I was tweeting in pique at the weekend while watching Sue Perkins’s documentary on genre fiction — a programme that I’ll probably get around to blogging about more at length but I put a comment on The Art’s Desk’s review — click here to read it. Â A couple of my tweets were picked up and replied to or retweeted by literary people, including one of the Independent’s Offical Top 100 Tweeters, Carole Blake and I picked up a few extra Twitter followers to add to my modest total as a result.
One of these is the writer Claire King and I followed a few links to her very interesting blog, which has a very sensible comment on the holy wars between literary and genre fiction that Sue Perkins’s documentary appeared to have stirred up.
However, I was most intrigued by the fifteen rules of writing that featured in another post:Â http://www.claire-king.com/2011/02/23/15-rules-for-writing-novels/
I’m sure that almost anyone who has been in a creative writing class will twitch in recognition at most them.
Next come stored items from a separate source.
Lemma cone_decreasing_cvg (w : nat -> 'cV[R]_n) :
  (forall k, K (w k)) -> (forall k, Kge K (w k) (w k.+1)) ->
  exists2 l, K l & w @ \oo --> l.
Proof.
move=> Kw wdec.
have wge : {homo w : k m / (k <= m)%N >-> Kge K k m}.
  by apply: homo_leq => [x|y x z|//]; [exact: Kge_refl | exact: Kge_trans].
have [C C0 normal] := cone_normal.
have [l wl] : exists l, forall e, 0 < e -> forall N,
    exists2 m, (N <= m)%N & `|w m - l| < e.
  apply: (@bounded_cV_cluster _ _ w (C * `|w 0%N|)) => k.
  by apply: normal => //; exact: wge.
have wgel k : Kge K (w k) l.
  rewrite /Kge; apply: closed_approx => // e e0; have [m km wml] := wl e e0 k.
  by exists (w k - w m); [exact: wge | rewrite opprB addrC addrA subrK distrC].
exists l.
  by apply: closed_approx => // e e0; have [m _ wml] := wl e e0 0%N; exists (w m).
apply/cvgrPdist_lt => e e0; have [m _ wml] := wl (e / C) (divr_gt0 e0 C0) 0%N.
exists m => // k /= mk; rewrite distrC.
apply: le_lt_trans (normal (w k - l) (w m - l) (wgel k) _) _.
  by rewrite /Kge opprB addrA subrK; exact: wge.
by rewrite -ltr_pdivlMl // mulrC.
Qed.

End ClosedPointedCone.

Lemma affine_trajectory_sub {R : pzRingType} {n} {M : 'M[R]_n} {c : 'cV[R]_n}
    {z z' : nat -> 'cV[R]_n} :
  (forall k, z k.+1 = M *m z k + c) -> (forall k, z' k.+1 = M *m z' k + c) ->
  forall k, z k - z' k = M ^+ k *m (z 0%N - z' 0%N).
Proof.
move=> hz hz'; elim=> [|k IH]; first by rewrite expr0 mul1mx.
by rewrite hz hz' opprD addrACA subrr addr0 -mulmxBr IH mulmxA mulmxE -exprS.
Qed.

Section KNonnegMatrix.
Context {R : realType} {n : nat} {K : set 'cV[R]_n}.
Hypotheses (Kcone : is_cone K) (Kcl : closed K) (Kconv : is_convex_set K)
  (Kpt : is_pointed K) (K0 : K 0).

Lemma Knonneg1 : Knonneg K 1%:M.
Proof. by move=> v; rewrite mul1mx. Qed.

Lemma Knonneg_mul (M N : 'M[R]_n) : Knonneg K M -> Knonneg K N -> Knonneg K (M *m N).
Proof. by move=> Mnon Nnon v Kv; rewrite -mulmxA; apply/Mnon/Nnon. Qed.

Lemma Knonneg_add (M N : 'M[R]_n) : Knonneg K M -> Knonneg K N -> Knonneg K (M + N).
Proof.
by move=> Mnon Nnon v Kv; rewrite mulmxDl; apply: cone_add => //; [apply: Mnon | apply: Nnon].
Qed.

Lemma Knonneg_exp (M : 'M[R]_n) k : Knonneg K M -> Knonneg K (M ^+ k).
Proof.
move=> Mnon; elim: k => [|k IH]; first by rewrite expr0; exact: Knonneg1.
by rewrite exprS -mulmxE; exact: Knonneg_mul.
Qed.

Lemma Knonneg_sum m (f : 'I_m -> 'M[R]_n) :
  (forall j, Knonneg K (f j)) -> Knonneg K (\sum_j f j).
Proof.
move=> fnon; elim/big_ind: _ => //; last exact: Knonneg_add.
by move=> v _; rewrite mul0mx.
Qed.

Lemma Knonneg_Kge (M : 'M[R]_n) x y : Knonneg K M -> Kge K x y -> Kge K (M *m x) (M *m y).
Proof. by rewrite /Kge -mulmxBr; apply. Qed.

Lemma Knonneg_geom_sum_eq0 {W : 'M[R]_n} {z : 'cV[R]_n} {s} :
  Knonneg K W -> K z -> (0 < s)%N -> (\sum_(j < s) W ^+ j) *m z = 0 -> z = 0.
Proof.
move=> Wnon Kz; case: s => // s _.
rewrite big_ord_recl expr0 mulmxDl mul1mx => /eqP; rewrite addr_eq0 => /eqP zE.
apply: (Kpt _ Kz); rewrite zE opprK.
by apply: Knonneg_sum => // j; exact: Knonneg_exp.
Qed.

Lemma Knonneg_expmx_cvg0 {M : 'M[R]_n} {d : 'cV[R]_n} :
  Knonneg K M -> (forall l, K l -> M *m l = l -> l = 0) ->
  K d -> Kge K d (M *m d) -> (fun k => M ^+ k *m d) @ \oo --> (0 : 'cV[R]_n).
Proof.
move=> Mnon Mfix Kd dMd.
have MSE k : M ^+ k.+1 *m d = M *m (M ^+ k *m d) by rewrite mulmxA mulmxE -exprS.
have [l Kl wl] : exists2 l, K l & (fun k => M ^+ k *m d) @ \oo --> l.
  apply: cone_decreasing_cvg => // [k|k]; first exact: Knonneg_exp.
  by rewrite exprSr -mulmxE -mulmxA; apply: Knonneg_Kge => //; exact: Knonneg_exp.
suff Ml : M *m l = l by rewrite -(Mfix l Kl Ml).
have Mwl : (fun k => M *m (M ^+ k *m d)) @ \oo --> M *m l.
  exact: continuous_cvg (mulmx_continuous M l) wl.
have wSl : (fun k => M *m (M ^+ k *m d)) @ \oo --> l.
  by under eq_fun do rewrite -MSE; rewrite -cvg_shiftS in wl.
exact: cvg_unique Mwl wSl.
Qed.

Lemma Knonneg_trajectory_increasing_cvg {M : 'M[R]_n} {c p : 'cV[R]_n}
    {z : nat -> 'cV[R]_n} :
  Knonneg K M -> (forall l, K l -> M *m l = l -> l = 0) ->
  M *m p + c = p -> (forall k, z k.+1 = M *m z k + c) ->
  Kge K (z 1%N) (z 0%N) -> Kge K p (z 0%N) ->
  [/\ forall k, Kge K (z k.+1) (z k), forall k, Kge K p (z k) & z @ \oo --> p].
Proof.
move=> Mnon Mfix Mp hz z10 pz0.
have errE := affine_trajectory_sub (fun=> esym Mp) hz.
have incE := affine_trajectory_sub (fun k => hz k.+1) hz.
split=> [k|k|]; first by rewrite /Kge incE; exact: Knonneg_exp.
  by rewrite /Kge errE; exact: Knonneg_exp.
have dMd : Kge K (p - z 0%N) (M *m (p - z 0%N)).
  by rewrite -[M]expr1 -errE /Kge opprB addrC addrA subrK.
have -> : z = (fun k => p - M ^+ k *m (p - z 0%N)).
  by apply/funext => k; rewrite -errE subKr.
rewrite -[in X in _ --> X](subr0 p).
exact: cvgB (cvg_cst p) (Knonneg_expmx_cvg0 Mnon Mfix pz0 dMd).
Qed.

Lemma Knonneg_trajectory_decreasing_cvg {M : 'M[R]_n} {c p : 'cV[R]_n}
    {z : nat -> 'cV[R]_n} :
  Knonneg K M -> (forall l, K l -> M *m l = l -> l = 0) ->
  M *m p + c = p -> (forall k, z k.+1 = M *m z k + c) ->
  Kge K (z 0%N) (z 1%N) -> Kge K (z 0%N) p ->
  [/\ forall k, Kge K (z k) (z k.+1), forall k, Kge K (z k) p & z @ \oo --> p].
Proof.
move=> Mnon Mfix Mp hz z01 z0p.
have KgeN x y : Kge K (- x) (- y) = Kge K y x by rewrite /Kge opprK addrC.
have [|k|||inc le cvg] :=
  @Knonneg_trajectory_increasing_cvg M (- c) (- p) (fun k => - z k) Mnon Mfix.
- by rewrite mulmxN -opprD Mp.
- by rewrite hz opprD mulmxN.
- by rewrite KgeN.
- by rewrite KgeN.
by split=> [k|k|]; [rewrite -KgeN | rewrite -KgeN | apply/cvgNP].
Qed.

End KNonnegMatrix.

Lemma expr_mul_rotate {R : pzRingType} (a b : R) j : (a * b) ^+ j * a = a * (b * a) ^+ j.
Proof.
elim: j => [|j IH]; first by rewrite !expr0 mul1r mulr1.
by rewrite exprSr -mulrA -mulrA mulrA IH -mulrA -exprSr.
Qed.

Lemma sum_expr_telescope {R : pzRingType} (x : R) s :
  \sum_(j < s) (x ^+ j - x ^+ j.+1) = 1 - x ^+ s.
Proof.
elim: s => [|s IH]; first by rewrite big_ord0 expr0 subrr.
by rewrite big_ord_recr /= IH addrA subrK.
Qed.

Section Splitting.
Context {R : realType} {n : nat} {A U V F G : 'M[R]_n} {s : nat}.
Hypotheses (AUV : A = U - V) (UFG : U = F - G) (Funit : F \in unitmx).

Local Notation T := (Ts F G V s).
Local Notation P := (Psinv F G s).

Lemma Psinv_mulmx_U : P *m U = 1%:M - (invmx F *m G) ^+ s.
Proof.
have FiU : invmx F *m U = 1%:M - invmx F *m G by rewrite UFG mulmxBr mulVmx.
rewrite /Psinv mulmx_suml.
under eq_bigr => j _ do rewrite -mulmxA FiU mulmxBr mulmx1 mulmxE -exprSr.
exact: sum_expr_telescope.
Qed.

Lemma Ts_add_Psinv_mul : T + P *m A = 1%:M.
Proof.
rewrite AUV mulmxBr Psinv_mulmx_U /Ts /Psinv mulmx_suml.
by rewrite addrAC addrA subrK addrC subrK.
Qed.

Lemma Ts_fixpoint (b : 'cV[R]_n) : A \in unitmx ->
  T *m (invmx A *m b) + P *m b = invmx A *m b.
Proof.
move=> Aunit; have -> : P *m b = P *m A *m (invmx A *m b).
  by rewrite -mulmxA [A *m _]mulmxA mulmxV // mul1mx.
by rewrite -mulmxDl Ts_add_Psinv_mul mul1mx.
Qed.

Lemma PsinvE : P = invmx F *m \sum_(j < s) (G *m invmx F) ^+ j.
Proof.
rewrite /Psinv mulmx_sumr; apply: eq_bigr => j _.
by rewrite !mulmxE expr_mul_rotate.
Qed.

Lemma invmx_mul_conj : U \in unitmx ->
  invmx F *m G = invmx U *m (G *m invmx F) *m U.
Proof.
move=> Uunit; have GE : G = F - U by rewrite UFG opprB addrC subrK.
rewrite GE mulmxBr mulVmx // mulmxBl mulmxV // mulmxBr mulmx1 mulmxA mulVmx //.
by rewrite mul1mx mulmxBl mulVmx.
Qed.

End Splitting.

Section ConeSplitting.
Context {R : realType} {n : nat} {K : set 'cV[R]_n} {A U V F G : 'M[R]_n} {s : nat}.
Hypotheses (Kcone : is_cone K) (Kconv : is_convex_set K) (Kpt : is_pointed K) (K0 : K 0).
Hypotheses (Anon : Knonneg K A) (Aunit : A \in unitmx).
Hypotheses (AUV : A = U - V) (Uunit : U \in unitmx) (Uinon : Knonneg K (invmx U))
  (Vnon : Knonneg K V).
Hypotheses (UFG : U = F - G) (Funit : F \in unitmx) (Finon : Knonneg K (invmx F))
  (GFnon : Knonneg K (G *m invmx F)).

Lemma Ts_Knonneg : Knonneg K (Ts F G V s).
Proof.
have Unon : Knonneg K U.
  have -> : U = A + V by rewrite AUV subrK.
  by apply: Knonneg_add.
have Hnon : Knonneg K (invmx F *m G).
  by rewrite (invmx_mul_conj UFG Funit Uunit); do 2!apply: Knonneg_mul => //.
rewrite /Ts; apply: Knonneg_add => //; first by apply: Knonneg_exp.
by apply: Knonneg_sum => // j; do 2!apply: Knonneg_mul => //; apply: Knonneg_exp.
Qed.

Lemma Ts_Kfixed_eq0 l : (0 < s)%N -> K l -> Ts F G V s *m l = l -> l = 0.
Proof.
move=> s_gt0 Kl Tl.
have PA : Psinv F G s *m A = 1%:M - Ts F G V s.
  by rewrite -(Ts_add_Psinv_mul (s := s) AUV UFG Funit) addrC addKr.
have : invmx F *m ((\sum_(j < s) (G *m invmx F) ^+ j) *m (A *m l)) = 0.
  by rewrite !mulmxA -PsinvE PA mulmxBl mul1mx Tl subrr.
move/(congr1 (mulmx F)); rewrite mulKVmx // mulmx0 => sumAl.
have Al0 := Knonneg_geom_sum_eq0 Kcone Kconv Kpt K0 GFnon (Anon _ Kl) s_gt0 sumAl.
by rewrite -(mulKmx Aunit l) Al0 mulmx0.
Qed.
It’s interesting to read the list of comments as it seems not every contributor seems to have inferred the same intention from the rules as I did. I particularly like number 7.
A few commenters have added rules from famous writers like Kurt Vonnegut and Jonathan Franzen. Franzen’s don’t seem to particularly helpful, more a manifesto for his own approach (particularly his phobia about the Internet) but I particularly liked his first: ‘ The reader is a friend, not an adversary, not a spectator’.
This tends to contradict most of his other rules imho but I believe it should be borne in mind far more in creative writing workshops than it is. A normal reader wants to like a book. After all they’ve paid for it (or gone to the trouble of borrowing it) and are prepared to invest a considerable amount of time with it. They’re not taking 3,000 words and examining every single one as writers and critical readers who review each others’ work for the best of motives. They’re not going to throw the book in the bin because a writer has used a lazy ‘then’ in a sentence (his rule three) but they might feel resentful if something on the macro level leaves them short-changed, like an unresolved and poorly developed conclusion to the plot.